# Sensor táctil



## icaro600 (Ene 6, 2006)

Hola a todos, soy nuevo en este foro y tengo un pequeño problema, a ver si alguien me puede ayudar.
Necesito activar una carga mediante un par de sensores, estos sensores están formados por dos placas de cobre pegadas a un cristal, de forma que al poner un dedo sobre una de ellas por el otro lado del cristal, active o desactive la carga.
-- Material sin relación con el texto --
Lemma union_K123_of_P3_free b : b <= 3 -> clique_le e S b ->
  exists l k m, [/\ union_K123 e S l k m, b <= 1 -> k = 0 & b <= 2 -> m = 0].
Proof.
move=> b_le3 S_clique_le.
have card_cblocks B : B \in cblocks -> 0 < #|B| <= b.
  case/cblocksP => x xS ->; rewrite card_gt0; apply/andP; split.
    by apply/set0Pn; exists x; apply: cblock_id.
  by apply: S_clique_le; [apply: cblock_sub | apply: cblock_clique].
have no_size_gt_b i : b < i -> #|[set B in cblocks | #|B| == i]| = 0.
  move=> b_lt_i; apply/eqP; rewrite cards_eq0; apply/eqP/setP => B; rewrite !inE.
  apply/negbTE/andP => -[/card_cblocks/andP[_ B_le_b] /eqP B_i].
  by move: b_lt_i; rewrite -B_i ltnNge B_le_b.
exists #|[set B in cblocks | #|B| == 1]|, #|[set B in cblocks | #|B| == 2]|,
  #|[set B in cblocks | #|B| == 3]|.
split; [exists cblocks; split => // | move=> ?; exact: no_size_gt_b ..].
- exact: cblocks_partition.
- move=> B BP; have /andP[-> B_le_b] := card_cblocks B BP.
  rewrite (leq_trans B_le_b b_le3) !andbT.
  by case/cblocksP: BP => x xS ->; apply: cblock_clique.
- exact: cblocks_nadj.
Qed.

End P3Free.

(* 0 - 1 - 2 is an induced path, 3 is adjacent to 0, 1, 2 and 4, and 4 is a pendant vertex. *)
Definition diamond_pendant : rel nat := fun i j =>
  nth 0 (nth [::] [:: [:: 0; 1; 0; 1; 0];
                      [:: 1; 0; 1; 1; 0];
                      [:: 0; 1; 0; 1; 0];
                      [:: 1; 1; 1; 0; 1];
                      [:: 0; 0; 0; 1; 0]] i) j == 1.

Definition K4_K5_glued : rel nat := fun i j =>
  (i != j) && ((i <= 3) && (j <= 3) || (3 <= i) && (3 <= j)).

Lemma in_F_no_diamond_pendant n (e : rel 'I_n) : in_F e -> ~ induced_copy e 5 diamond_pendant.
Proof.
move=> e_F; apply: (in_F_no_induced_copy_add1 e_F
  (c := nth 0%R [:: -1; 1; -1; 0; 0]%R) (c' := nth 0%R [:: 0; -1; 0; 1; -1]%R)).
by rewrite /neg_pair /gram unlock; vm_compute.
Qed.
(* Let $n\equiv 1\pmod 4$. Let $I_1,I_2\subseteq\{0,1,\dots,(n-1)/2\}$ be such that $\{2i,2i+1\}\cap\{j,n-j\}=\emptyset$ for all $i\in I_1$ and $j\in I_2$, and let $$D=\bigcup_{i\in I_1}\{2i,2i+1\}\cup\bigcup_{j\in I_2}\{j,n-j\}.$$ Then the hypercube $Q_n$ admits a $D$-magic labeling.
   Context: The hypercube $Q_n$ has vertex set $\mathbb{F}_2^n$, two vertices adjacent iff they differ in exactly one coordinate; $d(x,y)$ is the graph distance (the Hamming distance). For a set of distances $D$ and a vertex $x$ of a graph $G$, $N_D(x)=\{y\in V(G): d(x,y)\in D\}$. For a graph $G$ of order $N$, a $D$-magic labeling is a bijection $f:V(G)\to\{1,\dots,N\}$ for which there exists a constant $k$ with $\sum_{y\in N_D(x)}f(y)=k$ for every vertex $x$. *)

From mathcomp Require Import all_boot.
Set Implicit Arguments. Unset Strict Implicit. Unset Printing Implicit Defensive.

Definition cube (n : nat) := {ffun 'I_n -> bool}.

(* Hamming distance = graph distance in Q_n. *)
Definition hdist (n : nat) (x y : cube n) : nat := #|[set i | x i != y i]|.

Definition distNbhd (n : nat) (D : pred nat) (x : cube n) : {set cube n} :=
  [set y | D (hdist x y)].

Definition D_magic (n : nat) (D : pred nat) (f : cube n -> nat) : Prop :=
  injective f /\ (forall x, 1 <= f x <= #|{: cube n}|) /\
  exists k : nat, forall x, \sum_(y in distNbhd D x) f y = k.

Definition theD (n : nat) (I1 I2 : pred nat) : pred nat :=
  fun d => [|| [exists i : 'I_n.+1, I1 i && ((d == 2 * i) || (d == 2 * i + 1))]
             | [exists j : 'I_n.+1, I2 j && ((d == j) || (d == n - j))]].

From mathcomp Require Import all_boot fingroup perm zify.
Set Implicit Arguments. Unset Strict Implicit. Unset Printing Implicit Defensive.

(* Write n = 4m + 1 and label y by 1 + \sum_k 2^k <s_k, y> for a basis (s_k) of
   F_2^n; this is a bijection onto {1, ..., 2^n}, and the D-neighbourhood sum
   at x is \sum_k 2^k #{z : wt z \in D, <s_k, x + z> = 1}.  It is therefore
   constant as soon as, for each k, exactly half of the z with wt z \in D
   satisfy <s_k, z> = 1.  This holds whenever wt s_k = (n + 1) / 2, an odd
   number, via an involution on such z that flips <s_k, z>.  Complementing z
   works on the weights {j, n - j}.  On the weights {2i, 2i + 1}, pair the ones
   of s_k but one, p, with its zeros: either exchange the values of z on a pair
   where they differ, or, if z is constant on every pair (so wt z = z_p mod 2),
   flip z at p.  The indicator of {0, ..., 2m} and its images under suitable
   transpositions form such a basis. *)

Section BoolVectors.
Variable I : finType.
Implicit Types (x y z s : {ffun I -> bool}) (q r : I).

Definition xorv x y : {ffun I -> bool} := [ffun i => x i (+) y i].
Definition onesv : {ffun I -> bool} := [ffun => true].
Definition unitv q : {ffun I -> bool} := [ffun i => i == q].
Definition wt z : nat := \sum_i z i.
Definition dotv s z : bool := \big[addb/false]_i (s i && z i).

Lemma xorvK x y : xorv x (xorv x y) = y.
Proof. by apply/ffunP=> i; rewrite !ffunE addKb. Qed.

Lemma xorvKr x y : xorv (xorv x y) y = x.
Proof. by apply/ffunP=> i; rewrite !ffunE addbK. Qed.

Lemma dotv_xorr s x y : dotv s (xorv x y) = dotv s x (+) dotv s y.
Proof.
rewrite /dotv -big_split /=; apply: eq_bigr => i _; rewrite ffunE.
by case: (s i).
Qed.

Lemma dotv_xorl s x y : dotv (xorv x y) s = dotv x s (+) dotv y s.
Proof.
rewrite /dotv -big_split /=; apply: eq_bigr => i _; rewrite ffunE.
by case: (s i); case: (x i); case: (y i).
Qed.

Lemma dotv_unitr s q : dotv s (unitv q) = s q.
Proof.
rewrite /dotv (bigD1 q) //= ffunE eqxx andbT big1 ?addbF // => i iq.
by rewrite ffunE (negbTE iq) andbF.
Qed.

Lemma dotv_unitl z q : dotv (unitv q) z = z q.
Proof.
rewrite /dotv (bigD1 q) //= ffunE eqxx big1 ?addbF // => i iq.
by rewrite ffunE (negbTE iq).
Qed.

Lemma dotv_onesr s : dotv s onesv = odd (wt s).
Proof.
rewrite /wt (big_morph odd oddD (erefl : odd 0 = false)) /dotv.
by apply: eq_bigr => i _; rewrite ffunE andbT oddb.
Qed.

Lemma wt_xor_ones z : wt z + wt (xorv z onesv) = #|I|.
Proof.
rewrite /wt -big_split -sum1_card; apply: eq_bigr => i _.
by rewrite !ffunE; case: (z i).
Qed.

Lemma wt_xor_swap z q r : z q != z r ->
  wt (xorv z (xorv (unitv q) (unitv r))) = wt z.
Proof.
move=> zqr; have qr : q != r by apply: contraNneq zqr => ->.
rewrite /wt (bigD1 q) // (bigD1 r) /=; last by rewrite eq_sym.
rewrite [in RHS](bigD1 q) // [in RHS](bigD1 r) /=; last by rewrite eq_sym.
rewrite !ffunE eqxx (negbTE qr) eq_sym (negbTE qr) eqxx /= !addnA.
congr (_ + _); first by move: zqr; case: (z q); case: (z r).
apply: eq_bigr => i /andP[iq ir].
by rewrite !ffunE (negbTE iq) (negbTE ir) !addbF.
Qed.

Lemma wt_xor_unit z q : wt (xorv z (unitv q)) + z q = wt z + ~~ z q.
Proof.
rewrite /wt (bigD1 q) // [in RHS](bigD1 q) //= !ffunE eqxx.
rewrite (eq_bigr (fun i => nat_of_bool (z i))) => [|i iq].
  by case: (z q) => /=; lia.
by rewrite !ffunE (negbTE iq) addbF.
Qed.

Lemma wt_le z : wt z <= #|I|.
Proof. by rewrite -(wt_xor_ones z) leq_addr. Qed.

End BoolVectors.

Arguments onesv {I}.

(* Equivalently wt s = (#|I| + 1) / 2: the involution t pairs the ones of s
   other than p with its zeros. *)
Definition balanced (I : finType) (s : {ffun I -> bool}) : Prop :=
  exists t p, [/\ involutive t, t p = p, s p &
                  forall q, q != p -> s (t q) = ~~ s q].

Section Balanced.
Variables (I : finType) (s : {ffun I -> bool}) (t : I -> I) (p : I).
Implicit Types z : {ffun I -> bool}.
Hypotheses (tK : involutive t) (tp : t p = p) (sp : s p)
  (s_t : forall q, q != p -> s (t q) = ~~ s q).

Lemma sum_balanced (F : I -> nat) : (forall i, F (t i) = F i) ->
  \sum_i F i = F p + (\sum_(i | s i && (i != p)) F i).*2.
Proof.
move=> Ft; rewrite (bigID s) /= (bigD1 p) //= -addnn addnA; congr (_ + _).
rewrite (reindex_inj (can_inj tK)) /=; apply: eq_big => [i|i _]; last exact: Ft.
have [->|ip] := eqVneq i p; first by rewrite tp sp.
by rewrite s_t // negbK andbT.
Qed.

Lemma card_balanced : #|I|.+1 = (wt s).*2.
Proof.
rewrite -sum1_card (@sum_balanced (fun _ => 1)) // /wt.
rewrite [in RHS](bigD1 p) //= sp big_mkcondl /=.
by rewrite (eq_bigr (fun i => nat_of_bool (s i))) => [|i _]; [lia | case: (s i)].
Qed.

Lemma odd_wt_balanced : #|I| %% 4 = 1 -> odd (wt s).
Proof.
move=> I4; apply/negPn/negP => even; have := card_balanced.
by rewrite -(odd_double_half (wt s)) (negbTE even) -!muln2; lia.
Qed.

Lemma odd_wt_invariant z : (forall q, z (t q) = z q) -> odd (wt z) = z p.
Proof.
move=> zt; rewrite /wt (@sum_balanced (fun i => nat_of_bool (z i))) //.
  by rewrite oddD odd_double addbF oddb.
by move=> i /=; rewrite zt.
Qed.

Definition balancing_move z : {ffun I -> bool} :=
  if [pick q | z q != z (t q)] is Some q then xorv (unitv q) (unitv (t q))
  else unitv p.

Lemma balancing_move_t z i : balancing_move z (t i) = balancing_move z i.
Proof.
have t_eq q : (t i == q) = (i == t q) by rewrite -{1}(tK q) (can_eq tK).
rewrite /balancing_move; case: pickP => [q _|_]; rewrite !ffunE !t_eq ?tp //.
by rewrite tK addbC.
Qed.

Lemma balancing_move_xor z :
  balancing_move (xorv z (balancing_move z)) = balancing_move z.
Proof.
rewrite {1}/balancing_move.
rewrite (eq_pick (_ : _ =1 [pred q | z q != z (t q)])) // => q /=.
rewrite !ffunE balancing_move_t.
by case: (z q); case: (z (t q)); case: (balancing_move z q).
Qed.

Lemma dotv_balancing_move z : dotv s (balancing_move z).
Proof.
rewrite /balancing_move; case: pickP => [q zq|_]; last by rewrite dotv_unitr.
have qp : q != p by apply: contraNneq zq => ->; rewrite tp.
by rewrite dotv_xorr !dotv_unitr s_t //; case: (s q).
Qed.

Lemma half_wt_balancing_move z :
  (wt (xorv z (balancing_move z)))./2 = (wt z)./2.
Proof.
rewrite /balancing_move; case: pickP => [q zq|zt]; first by rewrite wt_xor_swap.
have /odd_wt_invariant zp : forall q, z (t q) = z q.
  by move=> q; have := zt q; case: (z q); case: (z (t q)).
have := wt_xor_unit z p; rewrite -zp.
case: (odd (wt z)) (odd_double_half (wt z)) => /= wtz; lia.
Qed.

Variables A H : pred nat.
Hypotheses (I4 : #|I| %% 4 = 1)
  (A_compl : forall w, A w -> A (#|I| - w))
  (HA : forall w, H w./2 -> ~~ A w).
La idea que tengo es realizarlo mediante transistores FET, pero necesito alguna idea inicial

Gracias por vuestra ayuda


----------



## ArturoGP (Mar 4, 2006)

Que tal icaro600, puedes usar el NE555, una placa iria a la pata 2 del CI, y la otra placa a tierra, el pin 2 tambien necesita un resistor de 10K a positivo, y cada que toques las placas pasaras voltage (-) en trigger del NE555, cuando esto pase el pin 3 del CI, se pondra a "1" logico, con esto podras activar lo que desees (claro con un relevador).

Saludos


----------



## mustangV8 (Mar 7, 2006)

La opcion del 555 es buena, conectado como monoestable y con la placa conctada al clk/inhibit/reset (no recuerdo el nobre que figura en hoja de datos).
La otra posibilidad es usar una conpuerta schmidt trigger. Por ejemplo un negador. Lo que es importante es que sea CMOS, por ej HC, aunque si no recuerdo mal la HCT tiene un VIH mas bajo que andaria mejor (supongo)


----------